The other place worth looking is the job log
t$log()
#> [ hello ] 2021-08-17 14:53:09
#> [ wd ] Q:/didehpc/20210817-145020
#> [ init ] 2021-08-17 14:53:09.042
#> [ hostname ] FI--DIDECLUST26
#> [ process ] 3672
#> [ version ] 0.3.0
#> [ open:db ] rds
#> [ context ] 81b64478fe2182e45e83fec2156c6ec7
#> [ library ]
#> [ namespace ]
#> [ source ]
#> [ parallel ] running as single core job
#> [ root ] Q:\didehpc\20210817-145020\contexts
#> [ context ] 81b64478fe2182e45e83fec2156c6ec7
#> [ task ] f4163877615d5f6fa6fb6392b6739bac
#> [ expr ] mysimulation(10)
#> [ start ] 2021-08-17 14:53:09.199
#> [ error ]
#> Error in mysimulation(10): could not find function "mysimulation"

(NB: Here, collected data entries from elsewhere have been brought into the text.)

(* Let $X$ be a transient random walk on $\mathbf{Z}^d$ and let $U(A):=\sum_{x\in A\cap\mathbf{Z}^d}g(0,x)$ for $A\subseteq\mathbf{R}^d$. Then $U(\mathcal{V}_{n+1})\le 4^dU(\mathcal{V}_n)$ for all integers $n\ge0$.
   Context: A random walk on $\mathbf{Z}^d$ is $X_n=X_0+\xi_1+\cdots+\xi_n$ with $\xi_1,\xi_2,\dots$ i.i.d. $\mathbf{Z}^d$-valued; $P^a$ denotes its law when $X_0=a$. Its Green function is $g(a,x):=\sum_{n\ge0}P^a\{X_n=x\}$, and transience means $g$ is finite. For $k\ge0$, $\mathcal{V}_k:=[-2^k,2^k)^d$. *)

From Stdlib Require Import Reals ZArith List Classical ClassicalEpsilon.
Import ListNotations.
Open Scope R_scope.

Definition lsum {T : Type} (f : T -> R) (l : list T) : R :=
  fold_right (fun x acc => f x + acc) 0 l.

Definition partial_sums {T : Type} (A : T -> Prop) (f : T -> R) : R -> Prop :=
  fun s => exists l : list T, NoDup l /\ Forall A l /\ s = lsum f l.

Lemma partial_sums_nonempty {T : Type} (A : T -> Prop) (f : T -> R) :
  exists s, partial_sums A f s.
Proof. exists 0; exists nil; repeat split; constructor. Qed.

Definition summable {T : Type} (A : T -> Prop) (f : T -> R) : Prop :=
  bound (partial_sums A f).

(* Sum of a (nonnegative) family over a countable set A: the supremum of the
   finite partial sums; by convention 0 if these are unbounded (this case is
   excluded by the hypotheses wherever it matters). *)
Definition psum {T : Type} (A : T -> Prop) (f : T -> R) : R :=
  match excluded_middle_informative (summable A f) with
  | left H => proj1_sig (completeness _ H (partial_sums_nonempty A f))
  | right _ => 0
  end.

Definition lattice (d : nat) (x : list Z) : Prop := length x = d.

Definition vsub (x y : list Z) : list Z :=
  map (fun ab => (fst ab - snd ab)%Z) (combine x y).

(* Law of the random walk with step distribution p (p y = P{xi_1 = y}):
   law p n a x = P^a{X_n = x}. *)
Fixpoint law (d : nat) (p : list Z -> R) (n : nat) (a x : list Z) : R :=
  match n with
  | O => if list_eq_dec Z.eq_dec x a then 1 else 0
  | S m => psum (lattice d) (fun y => law d p m a y * p (vsub x y))
  end.

Definition green (d : nat) (p : list Z -> R) (a x : list Z) : R :=
  psum (fun _ : nat => True) (fun n => law d p n a x).

Definition transient (d : nat) (p : list Z -> R) : Prop :=
  forall a x, lattice d a -> lattice d x ->
    summable (fun _ : nat => True) (fun n => law d p n a x).
Theorem graham_positive_ev_at n e s :
  nc_structure n e s -> forall F, graham_positive (ev_at s (P F)).
Proof.
elim/ltn_ind: n e s => n IHn e s.
have [k] := ubnP (n * (n * n) - mu n s)%N; elim: k e s => // k IHk e s lt_k H F.
case: (boolP [forall x : 'I_n, s x == x]) => [/forallP s_id | /forallPn [x sx]].
  have s_id' : s =1 id.
    move=> j; case: (ltnP j n) => jn; last exact: (ncs_fix H jn).
    exact/eqP/(s_id (Ordinal jn)).
  rewrite (eq_ev_at _ s_id') ev_at_id; case: hP => _ -> _.
  by case: ifP => _; [exact: graham_positive1 | exact: graham_positive0].
have [i [i1n step]] := ncs_adjacent_descent H (ex_intro _ (val x) sx).
have IH_del e' s' :
    nc_structure n.-1 e' s' -> forall F', graham_positive (ev_at s' (P F')).
  by apply: IHn; lia.
have IH_swap e' : nc_structure n e' (s \o adjswap i) -> (s i.+1 < s i)%N ->
    forall F', graham_positive (ev_at (s \o adjswap i) (P F')).
  move=> H' lt_s; have := mu_adjswap i1n lt_s; have := mu_bound H'.
  by move=> ? ?; apply: IHk H'; lia.
have s_inj := ncs_inj H.
case: step => [[si1 isi] | [sii si1]].
- rewrite (ev_at_isolate_step F si1); apply: graham_positiveD.
    by apply: (IH_swap _ (nc_structure_isolate H i1n si1 isi)); lia.
  apply: graham_positiveM; first exact/graham_positive_tdiff/ltnW.
  apply: (graham_positive_ev_divdiff F IH_del H); first lia.
  by move=> j; rewrite (bump_delete_perm _ s_inj j) (bypass_bump_pred s_inj si1 j).
- rewrite (ev_at_join_step F sii); apply: graham_positiveD.
    by apply: (IH_swap _ (nc_structure_join H i1n sii si1)); lia.
  apply: graham_positiveM; first exact/graham_positive_tdiff/ltnW.
  apply: (graham_positive_ev_divdiff F IH_del H); first lia.
  by move=> j; rewrite (bump_delete_perm _ s_inj j) (bypass_bump_fixed s_inj sii j).
Qed.

End DoubleForestPolynomials.

Theorem corollary8p13 :
  forall P : forest -> xtpoly, is_double_forest_family P ->
  forall (F : forest) (n : nat) (s : {perm 'I_n}),
    noncrossing_perm s -> graham_positive (ev s (P F)).
Proof.
move=> P hP F n s [Q [hQ hnc hs]].
exact: (graham_positive_ev_at hP (nc_structure_ncperm hQ hnc hs) F).
Qed.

#> [ end ] 2021-08-17 14:53:09.308
#> Error in context:::main_task_run() : Error while running task:
#> Execution halted
Sometimes there will be additional diagnostic information there.
Here’s another example:
t <- obj$enqueue(read.csv("c:/myfile.csv"))
#> (-) waiting for 9df1d9f...c74, giving up in 9.5 s (\) waiting for 9df1d9f...c74,
#> giving up in 9.0 s
This job will fail, and $status()
will report
ERROR
t$status()
#> [1] "ERROR"
Here is the error, which is a bit less informative this time:
t$result()
#> <context_task_error in file(file, "rt"): cannot open the connection>
The log gives a better idea of what is going on - the file
c:/myfile.csv
does not exist (because it is not found on
the cluster; using relative paths is much preferred to absolute
paths)
t$log()
#> [ hello ] 2021-08-17 14:53:10
#> [ wd ] Q:/didehpc/20210817-145020
#> [ init ] 2021-08-17 14:53:10.777
#> [ hostname ] FI--DIDECLUST26
#> [ process ] 2000
#> [ version ] 0.3.0
#> [ open:db ] rds
#> [ context ] 81b64478fe2182e45e83fec2156c6ec7
#> [ library ]
#> [ namespace ]
#> [ source ]
#> [ parallel ] running as single core job
#> [ root ] Q:\didehpc\20210817-145020\contexts
#> [ context ] 81b64478fe2182e45e83fec2156c6ec7
#> [ task ] 9df1d9f60717796422e1e62c8e206c74
#> [ expr ] read.csv("c:/myfile.csv")
#> [ start ] 2021-08-17 14:53:10.949
#> [ error ]
#> Error in file(file, "rt"): cannot open the connection
#> [ end ] 2021-08-17 14:53:11.074
#> Error in context:::main_task_run() : Error while running task:
#> In addition: Warning message:
#> In file(file, "rt") :
#> cannot open file 'c:/myfile.csv': No such file or directory
#> Execution halted
The real content of the error message is present in the warning! You can also get the warnings with
t$result()$warnings
#> [[1]]
#> <simpleWarning in file(file, "rt"): cannot open file 'c:/myfile.csv': No such file or directory>
Which will be a list of all warnings generated during the execution of your task (even if it succeeds). The traceback also shows what happened:
t$result()$trace
#> [1] "context:::main_task_run()"
#> [2] "task_run(task_id, ctx)"
#> [3] "eval_safely(dat$expr, dat$envir, \"context_task_error\", 3)"
#> [4] "tryCatch(withCallingHandlers(eval(expr, envir), warning = function(e) warni"
#> [5] "tryCatchList(expr, classes, parentenv, handlers)"
#> [6] "tryCatchOne(expr, names, parentenv, handlers[[1]])"
#> [7] "doTryCatch(return(expr), name, parentenv, handler)"
#> [8] "withCallingHandlers(eval(expr, envir), warning = function(e) warnings$add(e"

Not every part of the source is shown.